▸ Given records:
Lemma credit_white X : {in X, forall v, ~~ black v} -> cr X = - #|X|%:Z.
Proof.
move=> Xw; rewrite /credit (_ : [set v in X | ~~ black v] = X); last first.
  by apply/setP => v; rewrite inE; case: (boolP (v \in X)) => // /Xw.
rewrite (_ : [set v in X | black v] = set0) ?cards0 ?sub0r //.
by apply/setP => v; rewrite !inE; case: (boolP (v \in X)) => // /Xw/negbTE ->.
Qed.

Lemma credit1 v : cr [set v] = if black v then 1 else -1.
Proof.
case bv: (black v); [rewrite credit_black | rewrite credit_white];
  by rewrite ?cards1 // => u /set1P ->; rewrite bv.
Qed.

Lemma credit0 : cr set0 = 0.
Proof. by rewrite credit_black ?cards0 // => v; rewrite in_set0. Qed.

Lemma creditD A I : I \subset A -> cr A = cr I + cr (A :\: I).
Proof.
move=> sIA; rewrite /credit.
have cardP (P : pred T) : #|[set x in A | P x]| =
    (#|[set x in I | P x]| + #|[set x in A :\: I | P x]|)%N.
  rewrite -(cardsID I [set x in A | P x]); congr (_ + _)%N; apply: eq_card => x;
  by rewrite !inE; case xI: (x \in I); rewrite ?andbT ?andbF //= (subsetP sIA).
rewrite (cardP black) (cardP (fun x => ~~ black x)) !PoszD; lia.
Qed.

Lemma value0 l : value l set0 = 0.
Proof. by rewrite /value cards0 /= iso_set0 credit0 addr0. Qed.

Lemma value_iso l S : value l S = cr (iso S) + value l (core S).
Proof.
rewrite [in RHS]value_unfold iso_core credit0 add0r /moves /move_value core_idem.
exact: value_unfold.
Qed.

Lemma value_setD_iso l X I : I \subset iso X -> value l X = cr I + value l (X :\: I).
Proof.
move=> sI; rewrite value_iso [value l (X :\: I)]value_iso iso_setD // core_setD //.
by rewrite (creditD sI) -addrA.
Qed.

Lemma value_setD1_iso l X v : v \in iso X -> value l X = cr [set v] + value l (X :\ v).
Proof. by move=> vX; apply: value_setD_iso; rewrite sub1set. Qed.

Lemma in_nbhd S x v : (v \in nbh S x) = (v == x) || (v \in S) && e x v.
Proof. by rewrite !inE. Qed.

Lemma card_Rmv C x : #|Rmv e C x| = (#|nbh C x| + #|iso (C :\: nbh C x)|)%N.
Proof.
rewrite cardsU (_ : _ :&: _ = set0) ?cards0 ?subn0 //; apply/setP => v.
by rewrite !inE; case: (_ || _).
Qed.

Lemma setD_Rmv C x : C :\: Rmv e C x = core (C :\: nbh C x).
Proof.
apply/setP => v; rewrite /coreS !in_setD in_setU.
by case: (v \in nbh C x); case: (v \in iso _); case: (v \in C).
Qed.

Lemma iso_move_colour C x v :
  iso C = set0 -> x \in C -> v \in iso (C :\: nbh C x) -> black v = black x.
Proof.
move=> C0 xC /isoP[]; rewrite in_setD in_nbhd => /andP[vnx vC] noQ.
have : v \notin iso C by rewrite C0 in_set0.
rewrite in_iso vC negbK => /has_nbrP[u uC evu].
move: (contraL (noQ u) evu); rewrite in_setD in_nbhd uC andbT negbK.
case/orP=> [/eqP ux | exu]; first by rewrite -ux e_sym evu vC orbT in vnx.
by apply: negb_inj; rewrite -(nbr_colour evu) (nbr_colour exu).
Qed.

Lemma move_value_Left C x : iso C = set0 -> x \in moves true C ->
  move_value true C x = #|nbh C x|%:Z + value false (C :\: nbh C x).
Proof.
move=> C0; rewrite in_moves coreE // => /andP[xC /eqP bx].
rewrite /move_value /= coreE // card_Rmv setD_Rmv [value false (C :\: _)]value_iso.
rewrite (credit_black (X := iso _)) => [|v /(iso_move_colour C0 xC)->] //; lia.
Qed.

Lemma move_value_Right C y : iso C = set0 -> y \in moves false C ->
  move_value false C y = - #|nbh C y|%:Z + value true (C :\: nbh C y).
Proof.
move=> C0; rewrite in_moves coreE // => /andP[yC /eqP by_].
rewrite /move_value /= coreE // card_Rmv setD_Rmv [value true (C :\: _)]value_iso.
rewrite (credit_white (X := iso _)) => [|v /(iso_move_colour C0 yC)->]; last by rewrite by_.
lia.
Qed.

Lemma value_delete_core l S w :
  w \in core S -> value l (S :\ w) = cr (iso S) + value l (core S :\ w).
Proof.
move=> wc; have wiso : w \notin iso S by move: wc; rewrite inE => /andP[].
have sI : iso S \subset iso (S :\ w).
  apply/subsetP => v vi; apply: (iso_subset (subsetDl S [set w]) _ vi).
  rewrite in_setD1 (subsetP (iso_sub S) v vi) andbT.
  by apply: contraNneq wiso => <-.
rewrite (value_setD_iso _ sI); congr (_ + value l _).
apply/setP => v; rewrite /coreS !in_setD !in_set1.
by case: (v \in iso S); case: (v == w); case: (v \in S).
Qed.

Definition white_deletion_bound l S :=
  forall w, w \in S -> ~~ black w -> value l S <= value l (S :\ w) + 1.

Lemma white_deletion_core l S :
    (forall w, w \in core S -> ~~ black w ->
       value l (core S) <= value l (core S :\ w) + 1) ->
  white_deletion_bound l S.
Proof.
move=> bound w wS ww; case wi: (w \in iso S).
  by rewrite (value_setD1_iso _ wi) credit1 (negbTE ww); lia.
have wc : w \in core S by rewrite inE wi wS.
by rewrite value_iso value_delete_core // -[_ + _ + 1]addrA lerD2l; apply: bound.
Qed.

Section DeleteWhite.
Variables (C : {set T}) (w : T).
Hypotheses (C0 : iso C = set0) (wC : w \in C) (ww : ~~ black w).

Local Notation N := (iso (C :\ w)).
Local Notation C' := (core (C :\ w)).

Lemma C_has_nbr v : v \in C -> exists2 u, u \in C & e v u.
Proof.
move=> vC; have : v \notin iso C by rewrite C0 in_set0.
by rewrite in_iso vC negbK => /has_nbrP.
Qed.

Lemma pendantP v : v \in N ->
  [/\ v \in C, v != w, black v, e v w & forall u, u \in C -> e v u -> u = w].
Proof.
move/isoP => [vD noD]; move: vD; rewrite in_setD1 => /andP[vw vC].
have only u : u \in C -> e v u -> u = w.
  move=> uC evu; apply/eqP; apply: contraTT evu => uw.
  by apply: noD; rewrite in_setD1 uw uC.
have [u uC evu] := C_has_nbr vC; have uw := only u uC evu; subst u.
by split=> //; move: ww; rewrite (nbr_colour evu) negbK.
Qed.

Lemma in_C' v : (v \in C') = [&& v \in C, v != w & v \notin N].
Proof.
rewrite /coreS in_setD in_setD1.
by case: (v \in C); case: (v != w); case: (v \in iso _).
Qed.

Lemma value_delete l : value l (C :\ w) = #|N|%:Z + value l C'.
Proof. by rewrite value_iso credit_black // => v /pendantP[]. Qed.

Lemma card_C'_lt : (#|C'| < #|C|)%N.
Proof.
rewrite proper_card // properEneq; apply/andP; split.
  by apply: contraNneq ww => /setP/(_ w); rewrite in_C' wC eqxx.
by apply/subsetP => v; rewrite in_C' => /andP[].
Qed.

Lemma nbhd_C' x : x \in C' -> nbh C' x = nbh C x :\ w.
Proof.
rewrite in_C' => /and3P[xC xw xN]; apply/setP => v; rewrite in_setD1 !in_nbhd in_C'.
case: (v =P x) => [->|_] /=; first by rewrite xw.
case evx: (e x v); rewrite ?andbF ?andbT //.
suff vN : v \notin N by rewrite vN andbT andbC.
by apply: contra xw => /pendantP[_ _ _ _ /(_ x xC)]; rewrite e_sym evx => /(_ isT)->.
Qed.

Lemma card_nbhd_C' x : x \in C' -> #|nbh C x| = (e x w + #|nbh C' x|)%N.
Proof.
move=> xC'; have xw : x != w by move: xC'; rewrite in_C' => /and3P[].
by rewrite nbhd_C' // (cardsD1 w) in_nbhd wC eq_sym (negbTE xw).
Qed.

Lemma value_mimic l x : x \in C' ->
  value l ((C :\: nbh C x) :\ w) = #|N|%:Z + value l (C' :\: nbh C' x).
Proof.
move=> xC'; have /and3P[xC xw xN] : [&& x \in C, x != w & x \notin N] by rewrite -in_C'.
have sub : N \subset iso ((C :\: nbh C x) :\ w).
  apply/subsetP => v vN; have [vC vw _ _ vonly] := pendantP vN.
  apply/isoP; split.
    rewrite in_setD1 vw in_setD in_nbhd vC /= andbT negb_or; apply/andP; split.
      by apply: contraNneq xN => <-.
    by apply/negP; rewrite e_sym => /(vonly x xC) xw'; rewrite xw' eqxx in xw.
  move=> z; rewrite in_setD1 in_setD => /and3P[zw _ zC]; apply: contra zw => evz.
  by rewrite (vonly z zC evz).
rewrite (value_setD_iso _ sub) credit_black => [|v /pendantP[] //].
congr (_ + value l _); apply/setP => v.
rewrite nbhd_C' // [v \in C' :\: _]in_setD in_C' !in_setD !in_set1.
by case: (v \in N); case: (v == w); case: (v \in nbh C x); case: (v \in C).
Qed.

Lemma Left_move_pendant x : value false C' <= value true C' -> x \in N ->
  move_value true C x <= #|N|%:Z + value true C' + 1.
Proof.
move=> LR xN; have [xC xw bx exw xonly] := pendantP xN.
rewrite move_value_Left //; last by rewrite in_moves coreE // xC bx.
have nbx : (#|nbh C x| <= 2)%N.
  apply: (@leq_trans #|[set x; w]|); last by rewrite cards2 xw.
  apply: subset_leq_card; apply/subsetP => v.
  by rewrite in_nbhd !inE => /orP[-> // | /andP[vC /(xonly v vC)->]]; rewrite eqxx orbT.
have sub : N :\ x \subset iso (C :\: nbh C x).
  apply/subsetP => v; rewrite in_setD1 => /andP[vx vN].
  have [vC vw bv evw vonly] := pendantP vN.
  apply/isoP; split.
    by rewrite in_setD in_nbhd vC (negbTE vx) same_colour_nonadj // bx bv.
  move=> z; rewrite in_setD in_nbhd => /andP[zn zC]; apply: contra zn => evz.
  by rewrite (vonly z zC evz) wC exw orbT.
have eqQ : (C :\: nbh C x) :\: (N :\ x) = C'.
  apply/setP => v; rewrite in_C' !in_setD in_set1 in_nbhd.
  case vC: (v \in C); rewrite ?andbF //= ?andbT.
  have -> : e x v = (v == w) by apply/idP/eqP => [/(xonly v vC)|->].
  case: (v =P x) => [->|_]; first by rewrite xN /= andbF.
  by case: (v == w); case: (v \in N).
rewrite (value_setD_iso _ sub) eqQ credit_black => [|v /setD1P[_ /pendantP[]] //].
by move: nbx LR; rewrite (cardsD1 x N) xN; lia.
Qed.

--

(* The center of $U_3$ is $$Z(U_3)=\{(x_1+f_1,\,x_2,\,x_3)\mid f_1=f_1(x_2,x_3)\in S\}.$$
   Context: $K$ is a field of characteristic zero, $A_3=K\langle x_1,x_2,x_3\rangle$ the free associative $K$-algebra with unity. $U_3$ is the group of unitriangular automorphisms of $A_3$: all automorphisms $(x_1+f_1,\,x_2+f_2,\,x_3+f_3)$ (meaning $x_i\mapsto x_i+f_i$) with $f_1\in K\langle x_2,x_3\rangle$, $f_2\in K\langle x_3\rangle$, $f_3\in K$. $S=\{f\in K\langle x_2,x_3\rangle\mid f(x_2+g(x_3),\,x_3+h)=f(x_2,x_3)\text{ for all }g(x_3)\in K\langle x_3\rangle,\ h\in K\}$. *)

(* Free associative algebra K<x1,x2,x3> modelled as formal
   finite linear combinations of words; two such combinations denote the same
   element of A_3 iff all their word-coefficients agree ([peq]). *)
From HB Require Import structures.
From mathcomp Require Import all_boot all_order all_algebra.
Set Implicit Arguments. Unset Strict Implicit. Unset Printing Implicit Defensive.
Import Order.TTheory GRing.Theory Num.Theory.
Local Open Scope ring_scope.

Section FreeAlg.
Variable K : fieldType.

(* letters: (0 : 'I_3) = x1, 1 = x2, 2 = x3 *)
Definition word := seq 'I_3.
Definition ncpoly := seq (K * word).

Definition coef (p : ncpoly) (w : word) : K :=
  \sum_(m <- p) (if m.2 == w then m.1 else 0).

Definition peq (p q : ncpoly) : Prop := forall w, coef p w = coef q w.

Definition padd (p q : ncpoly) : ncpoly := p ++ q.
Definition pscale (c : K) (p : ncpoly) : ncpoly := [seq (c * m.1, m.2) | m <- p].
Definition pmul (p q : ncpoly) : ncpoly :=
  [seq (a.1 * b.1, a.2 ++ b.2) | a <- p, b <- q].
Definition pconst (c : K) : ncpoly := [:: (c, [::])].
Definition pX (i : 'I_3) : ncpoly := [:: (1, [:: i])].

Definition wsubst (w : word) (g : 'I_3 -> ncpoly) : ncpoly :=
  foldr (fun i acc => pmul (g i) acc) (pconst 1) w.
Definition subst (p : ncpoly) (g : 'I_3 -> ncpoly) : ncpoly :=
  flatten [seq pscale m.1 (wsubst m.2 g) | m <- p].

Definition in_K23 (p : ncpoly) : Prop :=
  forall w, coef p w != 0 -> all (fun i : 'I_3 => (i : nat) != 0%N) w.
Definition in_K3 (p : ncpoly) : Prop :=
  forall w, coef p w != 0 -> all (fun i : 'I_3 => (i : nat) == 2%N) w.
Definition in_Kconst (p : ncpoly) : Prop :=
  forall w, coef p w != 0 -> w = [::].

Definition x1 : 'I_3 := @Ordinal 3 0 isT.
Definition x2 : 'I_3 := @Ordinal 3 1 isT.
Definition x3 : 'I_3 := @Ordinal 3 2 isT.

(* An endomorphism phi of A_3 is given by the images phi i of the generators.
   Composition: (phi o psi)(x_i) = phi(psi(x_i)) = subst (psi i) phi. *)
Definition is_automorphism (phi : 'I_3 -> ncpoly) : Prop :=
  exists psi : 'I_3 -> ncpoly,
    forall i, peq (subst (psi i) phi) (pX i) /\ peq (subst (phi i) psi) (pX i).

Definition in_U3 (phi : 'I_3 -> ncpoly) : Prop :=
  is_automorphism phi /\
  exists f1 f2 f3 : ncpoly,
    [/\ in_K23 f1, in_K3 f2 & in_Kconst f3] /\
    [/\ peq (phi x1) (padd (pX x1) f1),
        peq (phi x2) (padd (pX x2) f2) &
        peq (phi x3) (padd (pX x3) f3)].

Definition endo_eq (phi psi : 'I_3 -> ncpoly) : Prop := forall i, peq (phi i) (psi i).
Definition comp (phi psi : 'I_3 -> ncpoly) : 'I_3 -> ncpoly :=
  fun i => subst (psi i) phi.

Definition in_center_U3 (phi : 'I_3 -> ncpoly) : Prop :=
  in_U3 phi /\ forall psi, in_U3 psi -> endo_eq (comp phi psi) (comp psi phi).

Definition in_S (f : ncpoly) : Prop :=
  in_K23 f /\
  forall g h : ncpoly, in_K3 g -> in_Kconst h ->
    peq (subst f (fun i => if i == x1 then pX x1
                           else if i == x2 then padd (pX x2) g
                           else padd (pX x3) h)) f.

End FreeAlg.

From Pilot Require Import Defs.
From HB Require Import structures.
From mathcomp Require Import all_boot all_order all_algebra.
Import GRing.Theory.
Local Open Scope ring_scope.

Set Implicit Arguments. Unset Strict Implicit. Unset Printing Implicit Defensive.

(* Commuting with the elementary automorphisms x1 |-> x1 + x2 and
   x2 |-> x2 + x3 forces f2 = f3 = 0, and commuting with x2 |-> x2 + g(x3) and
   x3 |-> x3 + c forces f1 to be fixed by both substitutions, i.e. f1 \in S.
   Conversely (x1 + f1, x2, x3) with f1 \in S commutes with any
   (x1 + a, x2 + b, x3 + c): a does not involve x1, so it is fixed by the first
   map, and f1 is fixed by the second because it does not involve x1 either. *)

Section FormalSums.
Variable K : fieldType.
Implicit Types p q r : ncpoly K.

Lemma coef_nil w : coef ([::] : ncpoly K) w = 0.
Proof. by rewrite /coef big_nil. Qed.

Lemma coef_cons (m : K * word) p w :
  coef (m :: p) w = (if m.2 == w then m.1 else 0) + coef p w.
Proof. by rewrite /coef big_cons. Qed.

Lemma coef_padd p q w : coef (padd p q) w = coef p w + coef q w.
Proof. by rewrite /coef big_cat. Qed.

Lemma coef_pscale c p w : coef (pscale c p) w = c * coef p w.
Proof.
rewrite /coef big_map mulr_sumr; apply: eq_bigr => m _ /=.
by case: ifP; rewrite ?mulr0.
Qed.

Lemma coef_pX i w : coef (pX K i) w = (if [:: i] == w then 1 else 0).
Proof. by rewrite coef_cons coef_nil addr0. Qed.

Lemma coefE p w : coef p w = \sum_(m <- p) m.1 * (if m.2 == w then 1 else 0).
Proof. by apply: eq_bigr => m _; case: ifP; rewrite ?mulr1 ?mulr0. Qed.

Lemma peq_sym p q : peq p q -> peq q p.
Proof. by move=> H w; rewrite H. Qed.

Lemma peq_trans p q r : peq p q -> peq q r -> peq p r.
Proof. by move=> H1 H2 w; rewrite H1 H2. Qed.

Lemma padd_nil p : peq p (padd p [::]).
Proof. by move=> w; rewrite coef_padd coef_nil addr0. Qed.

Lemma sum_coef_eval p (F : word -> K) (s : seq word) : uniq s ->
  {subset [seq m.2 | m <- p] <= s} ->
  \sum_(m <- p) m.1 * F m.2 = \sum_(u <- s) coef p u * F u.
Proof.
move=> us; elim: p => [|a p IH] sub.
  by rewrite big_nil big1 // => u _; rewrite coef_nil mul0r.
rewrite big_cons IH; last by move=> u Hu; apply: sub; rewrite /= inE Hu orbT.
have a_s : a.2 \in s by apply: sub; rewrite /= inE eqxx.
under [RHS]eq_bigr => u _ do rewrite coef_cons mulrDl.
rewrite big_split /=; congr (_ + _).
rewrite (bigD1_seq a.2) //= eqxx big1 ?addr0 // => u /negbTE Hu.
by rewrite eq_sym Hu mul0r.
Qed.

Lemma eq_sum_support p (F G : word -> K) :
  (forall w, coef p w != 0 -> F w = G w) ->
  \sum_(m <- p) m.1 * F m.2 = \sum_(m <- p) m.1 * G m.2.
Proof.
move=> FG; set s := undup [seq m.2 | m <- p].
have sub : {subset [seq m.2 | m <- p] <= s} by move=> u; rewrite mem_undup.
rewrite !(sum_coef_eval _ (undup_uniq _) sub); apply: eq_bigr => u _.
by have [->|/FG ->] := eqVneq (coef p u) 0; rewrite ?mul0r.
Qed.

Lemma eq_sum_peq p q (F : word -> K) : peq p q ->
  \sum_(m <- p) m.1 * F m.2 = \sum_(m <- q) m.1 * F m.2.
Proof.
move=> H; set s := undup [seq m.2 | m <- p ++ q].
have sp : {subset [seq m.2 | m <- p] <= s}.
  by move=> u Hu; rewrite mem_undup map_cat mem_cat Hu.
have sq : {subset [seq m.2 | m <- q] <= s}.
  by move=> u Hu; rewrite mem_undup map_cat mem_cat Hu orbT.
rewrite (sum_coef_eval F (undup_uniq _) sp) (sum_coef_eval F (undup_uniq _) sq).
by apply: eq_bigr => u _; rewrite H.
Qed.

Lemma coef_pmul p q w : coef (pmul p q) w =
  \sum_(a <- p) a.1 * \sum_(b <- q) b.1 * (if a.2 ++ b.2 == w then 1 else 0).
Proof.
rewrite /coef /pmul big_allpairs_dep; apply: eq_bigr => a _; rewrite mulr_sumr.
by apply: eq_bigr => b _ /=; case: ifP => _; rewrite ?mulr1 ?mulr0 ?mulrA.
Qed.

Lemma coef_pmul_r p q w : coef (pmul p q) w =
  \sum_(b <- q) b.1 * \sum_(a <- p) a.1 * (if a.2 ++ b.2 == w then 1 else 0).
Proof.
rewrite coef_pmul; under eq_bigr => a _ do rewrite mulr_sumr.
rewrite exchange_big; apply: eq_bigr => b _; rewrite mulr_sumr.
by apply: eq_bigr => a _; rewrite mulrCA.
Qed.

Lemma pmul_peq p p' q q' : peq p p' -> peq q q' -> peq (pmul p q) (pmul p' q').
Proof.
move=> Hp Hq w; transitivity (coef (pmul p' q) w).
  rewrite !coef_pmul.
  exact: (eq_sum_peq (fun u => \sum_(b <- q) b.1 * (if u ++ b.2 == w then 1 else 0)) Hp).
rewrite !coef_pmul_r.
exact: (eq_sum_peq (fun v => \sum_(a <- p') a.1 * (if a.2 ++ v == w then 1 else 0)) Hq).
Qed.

▸ Work to be completed:
Send back exactly the lines of the listing above starting at the one with "apply/setP => v; rewrite /coreS !in_setD !in_set1." and ending at the one with "Lemma white_deletion_core l", inclusive, and no others.

▸ Written solution:
apply/setP => v; rewrite /coreS !in_setD !in_set1.
by case: (v \in iso S); case: (v == w); case: (v \in S).
Qed.

Definition white_deletion_bound l S :=
  forall w, w \in S -> ~~ black w -> value l S <= value l (S :\ w) + 1.

Lemma white_deletion_core l S :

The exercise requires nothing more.